Note that\({10^3}\)is written because \(100/0.1 = 1000 = {10^3}\)

Hence, the expected number of the particle is \(2.326 \times {10^4}{\rm{ in }}0.1\;{\rm{g}}\)

c)

Here note that expected number of each particle in\(0.1\;{\rm{g}}\) is \({10^{ - 3}}\) of \({n_{{\rm{particles }},1}}\) and \({n_{{\rm{particles }},2}}\)so the following is:

(1)\({n_{{\rm{particles, }}1}}\left( {{\rm{N}}{{\rm{a}}_2}{\rm{C}}{{\rm{O}}_3}} \right) = 8.941 \times {10^2}\)

(2)\({n_{{\rm{particles, }}2}}\left( {\;{{\rm{K}}_2}{\rm{C}}{{\rm{O}}_3}} \right) = 2.237 \times {10^4}\)

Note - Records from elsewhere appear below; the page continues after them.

Definition short_exact (T1 X T2 : fgmod A) : Prop :=
  exists (f : T1 -> X) (g : X -> T2),
    [/\ lin f, lin g, injective f, (forall t, exists x, g x = t) &
        (forall x, g x = 0 <-> exists t, f t = x)].

Definition cls := fgmod A -> Prop.

Inductive fsum (S : cls) : cls :=
| fsum0 X : is_zero_mod X -> fsum S X
| fsumS X Y Z : S Y -> fsum S Z -> biprod X Y Z -> fsum S X.

Definition add (S : cls) : cls := fun X => exists Y, fsum S Y /\ summand X Y.

Definition subcategory (C : cls) : Prop :=
  [/\ (forall X Y, mod_iso X Y -> C X -> C Y),
      (exists X, is_zero_mod X /\ C X),
      (forall X Y Z, C Y -> C Z -> biprod X Y Z -> C X) &
      (forall X Y, summand X Y -> C Y -> C X)].

Definition bullet (T1 T2 : cls) : cls :=
  add (fun X => exists Y Z, [/\ T1 Y, T2 Z & short_exact Y X Z]).

Fixpoint brack (T : fgmod A) (n : nat) : cls :=
  match n with
  | 0 => is_zero_mod
  | 1 => add (fun X => mod_iso X T)
  | n'.+1 => bullet (add (fun X => mod_iso X T)) (brack T n')
  end.

(* C1 • C2 • ... • C(n+1) for C : nat -> cls (indices 0..n) *)
Fixpoint bullets (C : nat -> cls) (n : nat) : cls :=
  match n with
  | 0 => C 0%N
  | n'.+1 => bullet (bullets C n') (C n)
  end.

(** extended naturals nat ∪ {oo} as option nat (None = oo) *)
Definition ed_pred (C : cls) (n : nat) : bool :=
  `[< exists T : fgmod A, forall X, C X -> brack T n.+1 X >].

Definition ed (C : cls) : option nat :=
  match pselect (exists n, ed_pred C n) with
  | left h => Some (ex_minn h)
  | right _ => None
  end.

End Modules.

Definition oleq (x y : option nat) : Prop :=
  match x, y with
  | _, None => True
  | None, Some _ => False
  | Some a, Some b => (a <= b)%N
  end.

Definition oadd (x y : option nat) : option nat :=
  match x, y with
  | Some a, Some b => Some (a + b)%N
  | _, _ => None
  end.

From Pilot Require Import Defs.
From mathcomp Require Import all_boot all_order all_algebra.
From HB Require Import structures.
From mathcomp Require Import boolp.
(* [all_algebra] shadows [Defs.add] with the addition of [fraction]. *)
Import Defs.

First determine the value of sampling standard deviation:

Sampling standard deviation\( = \sqrt {npq} \)

Sampling standard deviation\( = \sqrt {\left( {2.326 \times {{10}^4}} \right)(0.0384)(0.962)} \)

Sampling standard deviation \( = 29.3\)

Next calculate the relative sampling standard deviations:

\({\rm{ (1) RSTD for}}\,{\rm{N}}{{\rm{a}}_2}C{O_3} = \frac{{29.3}}{{8.941 \times {{10}^2}}} = 3.28\% \)

(2) RSTD for\({{\rm{K}}_{\rm{2}}}{\rm{C}}{{\rm{O}}_{\rm{3}}}\)\( = \frac{{29.3}}{{2.237 \times {{10}^4}}} = 0.131\% \)

Therefore, the relative sampling standard deviation is\(3.28\% \)and \(0.131\% \).